Shying away from key reforms

Published November 30, 2015
.—AFP/File
.—AFP/File

THE integrated power system in the country (excluding Karachi) is losing over Rs320bn annually from officially recognised system losses arising from governance challenges.

These are owing to inefficiencies and tariff policies that are affecting the generation, transmission and distribution systems.

The quantum of the loss is almost half of the federal government’s development budget and close to the subsidy it injects every year out of the budget to keep the power companies running. And despite an over 250pc increase in electricity tariffs in around four years, the menace of circular debt continues to build on.

Amid an aggressive media campaign at the public’s expense, the power sector’s bureaucracy has been building an image of its ‘successes’ around some controversial projects like Nandipur and the proposed LNG-based public power projects in Punjab. This is being done to counter the damage caused by recent criticism from political parties and Nepra’s annual report.

In targeted leaks, Nepra was accused of being incompetent and problematic.

Interestingly, the senior-most man at the power ministry is a grade 21 officer, while three out of four members of Nepra are retired federal secretaries. Its chief had led two major distribution companies before he was chosen by the incumbent government as the regulator’s chairman through a competitive selection process.


The shortfall in recoveries of electricity bills amounted to Rs32bn in Punjab, Rs67bn in Sindh, Rs36bn in KP and Rs25bn in Balochistan


All of these officials are backed by professional experts from relevant fields, unlike the general cadre officers in the power ministry.

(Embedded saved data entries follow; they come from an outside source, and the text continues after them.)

(* Expected revenue collected in rounds t, t+1, ..., t+m-1 (1-based rounds),
   starting with weights w: in each round the offers kappa_{t,n} are drawn
   independently over n from h_t, revenue is collected, weights updated. *)
Fixpoint exp_rev (m t : nat) (w : {ffun 'I_K -> R}) : R :=
  match m with
  | 0 => 0
  | m'.+1 =>
      \sum_(kappa : {ffun 'I_N -> 'I_K})
        (\prod_(n < N) hprob gamma eps K w (kappa n)) *
        (round_rev t kappa + exp_rev m' t.+1 (update t w kappa))
  end.
End Round.

Definition expected_policy_revenue (N T : nat) (cbar pmin eps Ebar gamma delta : R)
  (c : nat -> nat -> R) (z : nat -> nat -> R -> R) : R :=
  exp_rev N cbar pmin eps gamma delta c z (Kn pmin eps Ebar) T 1 [ffun => 1].

Definition Phi (N : nat) (cbar pmin Ebar eps delta gamma : R) : R :=
  (1 - gamma) / gamma * ((1 + eps) / eps) * (N%:R * Ebar * cbar / delta)
  * ln (ln (Ebar / pmin) / ln (1 + eps)).

End ESP.

Arguments Kn {R}.
Arguments V_ESP {R}.
Arguments expected_policy_revenue {R}.
Arguments Phi {R}.

From HB Require Import structures.
From mathcomp Require Import all_boot all_order all_algebra.
From mathcomp Require Import all_classical all_reals all_analysis.
From mathcomp.algebra_tactics Require Import ring lra.
Import Order.TTheory GRing.Theory Num.Theory.
Import numFieldNormedType.Exports.
Local Open Scope classical_set_scope.
Local Open Scope ring_scope.
(* Let $D>0$ and $\ell_0=\sqrt{8Dt}$. The function $$E^{(0)}(x,y,z,t)=\operatorname{erfc}\Bigl(\frac{x}{\ell_0}\Bigr)\operatorname{erfc}\Bigl(\frac{y}{\ell_0}\Bigr)+\operatorname{erfc}\Bigl(\frac{z}{\ell_0}\Bigr)\operatorname{erfc}\Bigl(\frac{x+y+z}{\ell_0}\Bigr)-\operatorname{erfc}\Bigl(\frac{x+z}{\ell_0}\Bigr)\operatorname{erfc}\Bigl(\frac{y+z}{\ell_0}\Bigr)$$ satisfies, for $t>0$, $$\partial_tE=2D\bigl[\partial_x^2+\partial_y^2+\partial_z^2-\partial_x\partial_z-\partial_y\partial_z\bigr]E,$$ together with the consistency conditions $E^{(0)}(x,y,z,t)=E^{(0)}(y,x,z,t)$, $E^{(0)}(x,0,z,t)=\operatorname{erfc}(x/\ell_0)$, $E^{(0)}(0,y,z,t)=\operatorname{erfc}(y/\ell_0)$, $E^{(0)}(x,y,0,t)=\operatorname{erfc}((x+y)/\ell_0)$, and $E^{(0)}(x,y,z,t)\to0$ as $t\to0^+$ for $x,y,z>0$. It is the two-interval probability for an initially fully occupied lattice, and $E^{(0)}(x,y,z,t)\to\operatorname{erfc}(x/\ell_0)\operatorname{erfc}(y/\ell_0)$ as $z\to\infty$.
   Context: In the continuum limit of the one-dimensional coagulation-diffusion process with diffusion constant $D$, $E(x,y,z,t)$ denotes the probability of two empty intervals of lengths at least $x$ and $y$ separated by distance $z$ at time $t$; for the initially full lattice the single-interval probability is $E(x,t)=\operatorname{erfc}(x/\ell_0)$. *)

From Stdlib Require Import Reals Lra.
Open Scope R_scope.

Definition gauss (s : R) : R := exp (- s ^ 2).

Lemma gauss_cont : forall x, continuity_pt gauss x.
Proof.
  intro x. apply derivable_continuous_pt. unfold gauss. reg.
Qed.

Definition gauss_int (u : R) : R :=
  match Rle_dec 0 u with
  | left h => RiemannInt (@continuity_implies_RiemannInt gauss _ _ h (fun x _ => gauss_cont x))
  | right h =>
      - RiemannInt (@continuity_implies_RiemannInt gauss _ _
                      (Rlt_le _ _ (Rnot_le_lt _ _ h)) (fun x _ => gauss_cont x))
  end.

Definition erf (u : R) : R := 2 / sqrt PI * gauss_int u.
Definition erfc (u : R) : R := 1 - erf u.

Definition ell0 (D t : R) : R := sqrt (8 * D * t).

Definition E0 (D x y z t : R) : R :=
  let l := ell0 D t in
  erfc (x / l) * erfc (y / l)
  + erfc (z / l) * erfc ((x + y + z) / l)
  - erfc ((x + z) / l) * erfc ((y + z) / l).

(* Each of the three products in E0 has the form erfc (a.v / l0) * erfc (b.v / l0) for
   linear forms a, b of v = (x, y, z).  Since erfc (u / sqrt (8 D t)) solves the
   one-dimensional heat equation d/dt = 2 D d^2/du^2, such a product solves the PDE as soon
   as a and b are orthonormal for the polar form of the symbol
   x1^2 + x2^2 + x3^2 - x1 x3 - x2 x3 of the operator; the pairs (x, y), (z, x + y + z) and
   (x + z, y + z) are.  The boundary values follow from erfc 0 = 1, and both limits from the
   tail bound 0 <= erfc u <= 4/PI exp (-u^2) for u >= 0.  That bound rests on the value
   sqrt PI / 2 of the Gaussian integral, obtained classically: with
   G t = int_0^t exp (-s^2) and H t = int_0^1 exp (-t^2 (1 + s^2)) / (1 + s^2) ds, the sum
   G^2 + H has zero derivative and equals PI / 4 at t = 0, while 0 <= H t <= exp (-t^2). *)

From Stdlib Require Import Reals Lra.
From Coquelicot Require Import Coquelicot.
Open Scope R_scope.

(** * The Gaussian integral *)

(* Coquelicot lemmas with the normed-module instance fixed to [R], which [apply] does not
   infer on its own. *)
Lemma ex_derive_continuous_R (f : R -> R) x : ex_derive f x -> continuous f x.
Proof. exact (ex_derive_continuous f x). Qed.

Lemma ex_RInt_continuous_R (f : R -> R) a b :
  (forall s, Rmin a b <= s <= Rmax a b -> continuous f s) -> ex_RInt f a b.
Proof. exact (ex_RInt_continuous f a b). Qed.

Lemma RInt_derive_R (f df : R -> R) a b :
  (forall s, Rmin a b <= s <= Rmax a b -> is_derive f s (df s)) ->
  (forall s, Rmin a b <= s <= Rmax a b -> continuous df s) ->
  RInt df a b = f b - f a :> R.
Proof. intros; apply is_RInt_unique; exact (is_RInt_derive f df a b H H0). Qed.

Lemma gauss_continuous x : continuous gauss x.
Proof. apply ex_derive_continuous_R; unfold gauss; auto_derive; auto. Qed.

Lemma ex_RInt_gauss a b : ex_RInt gauss a b.
Proof. apply ex_RInt_continuous_R; intros; apply gauss_continuous. Qed.

Lemma gauss_int_RInt u : gauss_int u = RInt gauss 0 u.
Proof.
  unfold gauss_int; destruct (Rle_dec 0 u).
  - symmetry; apply RInt_Reals.
  - rewrite <- RInt_Reals; apply (opp_RInt_swap gauss), ex_RInt_gauss.
Qed.

Lemma is_derive_gauss_int x : is_derive gauss_int x (gauss x).
Proof.
  apply (is_derive_ext (RInt gauss 0)); [intros; symmetry; apply gauss_int_RInt|].
  apply is_derive_RInt with 0; [|apply gauss_continuous].
  apply filter_forall; intros; apply RInt_correct, ex_RInt_gauss.
Qed.

Lemma gauss_int_0 : gauss_int 0 = 0.
Proof. rewrite gauss_int_RInt; exact (RInt_point 0 gauss). Qed.

Lemma gauss_int_nonneg u : 0 <= u -> 0 <= gauss_int u.
Proof.
  intros Hu; rewrite gauss_int_RInt.
  apply RInt_ge_0; auto using ex_RInt_gauss; intros; left; apply exp_pos.
Qed.

Definition gauss_aux (t s : R) : R := exp (- (t ^ 2 * (1 + s ^ 2))) / (1 + s ^ 2).
Definition gauss_aux_dt (t s : R) : R := -2 * t * exp (- (t ^ 2 * (1 + s ^ 2))).
Definition gauss_aux_int (t : R) : R := RInt (gauss_aux t) 0 1.

Lemma one_plus_sq_pos s : 0 < 1 + s ^ 2.
Proof. pose proof (pow2_ge_0 s); lra. Qed.

Lemma is_derive_gauss_aux t s : is_derive (fun u => gauss_aux u s) t (gauss_aux_dt t s).
Proof.
  unfold gauss_aux, gauss_aux_dt; pose proof (one_plus_sq_pos s).
  auto_derive; [easy|].
  replace (t * (t * 1) * (1 + s * (s * 1))) with (t ^ 2 * (1 + s ^ 2)) by ring.
  field; lra.
Qed.

Lemma gauss_aux_dt_continuous t s : continuity_2d_pt gauss_aux_dt t s.
Proof.
  unfold gauss_aux_dt.
  apply continuity_2d_pt_mult.
  - apply (continuity_2d_pt_mult (fun _ _ => -2) (fun u _ => u));
      [apply continuity_2d_pt_const | apply continuity_2d_pt_id1].
  - apply continuity_1d_2d_pt_comp; [apply derivable_continuous_pt, derivable_pt_exp|].
    apply continuity_2d_pt_opp.
    apply (continuity_2d_pt_ext (fun u v => (u * u) * (1 + v * v))); [intros; ring|].
    repeat first [ apply continuity_2d_pt_mult | apply continuity_2d_pt_plus
                 | apply continuity_2d_pt_const | apply continuity_2d_pt_id1
                 | apply continuity_2d_pt_id2 ].
Qed.

Lemma ex_RInt_gauss_aux t a b : ex_RInt (gauss_aux t) a b.
Proof.
  apply ex_RInt_continuous_R; intros s _; apply ex_derive_continuous_R.
  unfold gauss_aux; pose proof (one_plus_sq_pos s); auto_derive; lra.
Qed.

Lemma RInt_gauss_aux_dt t : RInt (gauss_aux_dt t) 0 1 = -2 * gauss t * gauss_int t :> R.
Proof.
  rewrite (RInt_derive_R (fun s => -2 * gauss t * gauss_int (t * s))).
  - rewrite Rmult_1_r, Rmult_0_r, gauss_int_0. ring.
  - intros s _.
    replace (gauss_aux_dt t s) with (-2 * gauss t * (t * gauss (t * s))).
    2:{ unfold gauss_aux_dt, gauss.
        replace (- (t ^ 2 * (1 + s ^ 2))) with (- t ^ 2 + - (t * s) ^ 2) by ring.
        rewrite exp_plus; ring. }
    apply is_derive_scal.
    apply (is_derive_comp gauss_int (fun s => t * s)); [apply is_derive_gauss_int|].
    auto_derive; auto; ring.
  - intros s _; apply ex_derive_continuous_R; unfold gauss_aux_dt; auto_derive; auto.
Qed.

Lemma is_derive_gauss_aux_int t : is_derive gauss_aux_int t (-2 * gauss t * gauss_int t).
Proof.
  rewrite <- RInt_gauss_aux_dt.
  rewrite (RInt_ext (gauss_aux_dt t) (fun s => Derive (fun u => gauss_aux u s) t)).
  2:{ intros; symmetry; apply is_derive_unique, is_derive_gauss_aux. }
  apply is_derive_RInt_param.
  - apply filter_forall; intros u s _; eexists; apply is_derive_gauss_aux.
  - intros s _. apply (continuity_2d_pt_ext gauss_aux_dt); [|apply gauss_aux_dt_continuous].
    intros; symmetry; apply is_derive_unique, is_derive_gauss_aux.
  - apply filter_forall; intros; apply ex_RInt_gauss_aux.
Qed.

Lemma gauss_aux_int_0 : gauss_aux_int 0 = PI / 4.
Proof.
  unfold gauss_aux_int; rewrite (RInt_derive_R atan), atan_1, atan_0; [ring| |].
  - intros s _.
    replace (gauss_aux 0 s) with (/ (1 + s²)); [apply is_derive_atan|].
    unfold gauss_aux, Rsqr; replace (- (0 ^ 2 * (1 + s ^ 2))) with 0 by ring.
    rewrite exp_0; pose proof (one_plus_sq_pos s); field; lra.
  - intros s _; apply ex_derive_continuous_R.
    unfold gauss_aux; pose proof (one_plus_sq_pos s); auto_derive; lra.
Qed.

Lemma exp_le_compat x y : x <= y -> exp x <= exp y.
Proof. intros [Hlt|Heq]; [left; apply exp_increasing, Hlt | rewrite Heq; apply Rle_refl]. Qed.

Lemma gauss_aux_int_bounds t : 0 <= gauss_aux_int t <= exp (- t ^ 2).
Proof.
  assert (Hbound : forall s, 0 <= gauss_aux t s <= exp (- t ^ 2)).
  { intros s; unfold gauss_aux; pose proof (one_plus_sq_pos s).
    pose proof (exp_pos (- (t ^ 2 * (1 + s ^ 2)))).
    assert (exp (- (t ^ 2 * (1 + s ^ 2))) <= exp (- t ^ 2)).
    { apply exp_le_compat; pose proof (pow2_ge_0 t); pose proof (pow2_ge_0 s); nra. }
    split; [apply Rlt_le, Rdiv_lt_0_compat; auto|].
    apply Rmult_le_reg_r with (1 + s ^ 2); auto.
    unfold Rdiv; rewrite Rmult_assoc, Rinv_l by lra; pose proof (pow2_ge_0 s); nra. }
  unfold gauss_aux_int; split.
  - apply RInt_ge_0; [lra | apply ex_RInt_gauss_aux | intros; apply Hbound].
  - replace (exp (- t ^ 2)) with (RInt (fun _ => exp (- t ^ 2)) 0 1 : R)
      by (rewrite RInt_const; unfold scal; simpl; unfold mult; simpl; ring).
    apply RInt_le; [lra | apply ex_RInt_gauss_aux | apply ex_RInt_const | intros; apply Hbound].
Qed.

Lemma gauss_int_sq_add_aux_int t : gauss_int t ^ 2 + gauss_aux_int t = PI / 4.
Proof.
  set (F s := gauss_int s ^ 2 + gauss_aux_int s).
  assert (HF' : forall u, is_derive F u 0).
  { intros u; apply is_derive_Reals.
    apply (derivable_pt_lim_ext (fun s => gauss_int s * gauss_int s + gauss_aux_int s));
      [intros; unfold F; ring|].
    replace 0 with (gauss u * gauss_int u + gauss_int u * gauss u
                    + -2 * gauss u * gauss_int u) by ring.
    apply derivable_pt_lim_plus; [apply derivable_pt_lim_mult|];
      apply is_derive_Reals; auto using is_derive_gauss_int, is_derive_gauss_aux_int. }
  assert (HF0 : F 0 = PI / 4) by (unfold F; rewrite gauss_int_0, gauss_aux_int_0; ring).
  fold (F t); rewrite <- HF0.
  destruct (Rtotal_order 0 t) as [Hlt|[Heq|Hlt]].
  - symmetry; apply (eq_is_derive F); auto.
  - rewrite Heq; reflexivity.
  - apply (eq_is_derive F); auto.
Qed.

(** * The complementary error function *)

Definition derfc (u : R) : R := - (2 / sqrt PI) * gauss u.

Lemma derivable_pt_lim_erfc u : derivable_pt_lim erfc u (derfc u).
Proof.
  unfold erfc, erf, derfc.
  replace (- (2 / sqrt PI) * gauss u) with (0 - 2 / sqrt PI * gauss u) by ring.
  apply derivable_pt_lim_minus; [apply derivable_pt_lim_const|].
  apply derivable_pt_lim_scal, is_derive_Reals, is_derive_gauss_int.
Qed.

Lemma derivable_pt_lim_derfc u : derivable_pt_lim derfc u (-2 * u * derfc u).
Proof.
  unfold derfc; replace (-2 * u * (- (2 / sqrt PI) * gauss u))
    with (- (2 / sqrt PI) * (-2 * u * gauss u)) by ring.
  apply derivable_pt_lim_scal, is_derive_Reals; unfold gauss; auto_derive; [easy|].
  replace (u * (u * 1)) with (u ^ 2) by ring; ring.
Qed.

Lemma erfc_0 : erfc 0 = 1.
Proof. unfold erfc, erf; rewrite gauss_int_0; ring. Qed.

Lemma erfc_le_1 u : 0 <= u -> erfc u <= 1.
Proof.
  intros Hu; unfold erfc, erf; pose proof (gauss_int_nonneg u Hu).
  assert (0 < 2 / sqrt PI) by (apply Rdiv_lt_0_compat; [lra | apply sqrt_lt_R0, PI_RGT_0]).
  nra.
Qed.

Lemma erfc_bounds u : 0 <= u -> 0 <= erfc u <= 4 / PI * exp (- u ^ 2).
Proof.
  intros Hu.
  pose proof (gauss_int_sq_add_aux_int u) as Hsum.
  pose proof (gauss_aux_int_bounds u) as [H0 H1].
  pose proof (gauss_int_nonneg u Hu) as HG.
  assert (Hs : 0 < sqrt PI) by apply sqrt_lt_R0, PI_RGT_0.
  assert (Hss : sqrt PI * sqrt PI = PI) by (apply sqrt_sqrt; pose proof PI_RGT_0; lra).
  set (s := sqrt PI) in *; set (G := gauss_int u) in *; set (H := gauss_aux_int u) in *.
  assert (Hdiff : (s - 2 * G) * (s + 2 * G) = 4 * H) by (rewrite <- Hss in Hsum; lra).
  assert (HsG : 0 <= s - 2 * G) by nra.
  unfold erfc, erf; fold G s.
  replace (1 - 2 / s * G) with ((s - 2 * G) / s) by (field; lra).
  split; [apply Rmult_le_pos; [lra | apply Rlt_le, Rinv_0_lt_compat; lra]|].
  replace ((s - 2 * G) / s) with ((s - 2 * G) * s / (s * s)) by (field; lra).
  replace (4 / PI * exp (- u ^ 2)) with (4 * exp (- u ^ 2) / (s * s)) by (rewrite <- Hss; field; lra).
  apply Rmult_le_compat_r; [apply Rlt_le, Rinv_0_lt_compat; nra|].
  nra.
Qed.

The power ministry has gone to the extent of taking credit for tariff reductions based on automatic fuel price adjustments because of decade-low international oil prices. This is despite the fact that it has introduced a series of tariff surcharges to earn a windfall, dramatically lessening the pass-through benefit to consumers.

In the meantime, an IMF staff mission disclosed that even though the build up in the circular debt in the first quarter of this fiscal was within limits, the overall stocks nevertheless maintained their rising trend. Numbers officially reported to the IMF put the circular debt at Rs661bn, including Rs326bn in payable stocks and Rs335bn parked with the power holding company.

The IMF, however, said the authorities had met the quarterly target on recoveries from the power sector. In background discussions, a senior Nepra official revealed that this achievement was simply on account of the regulator’s willingness to change its goal post with the induction of a new chairman who had come directly after serving two distribution companies — K-Electric and Pesco.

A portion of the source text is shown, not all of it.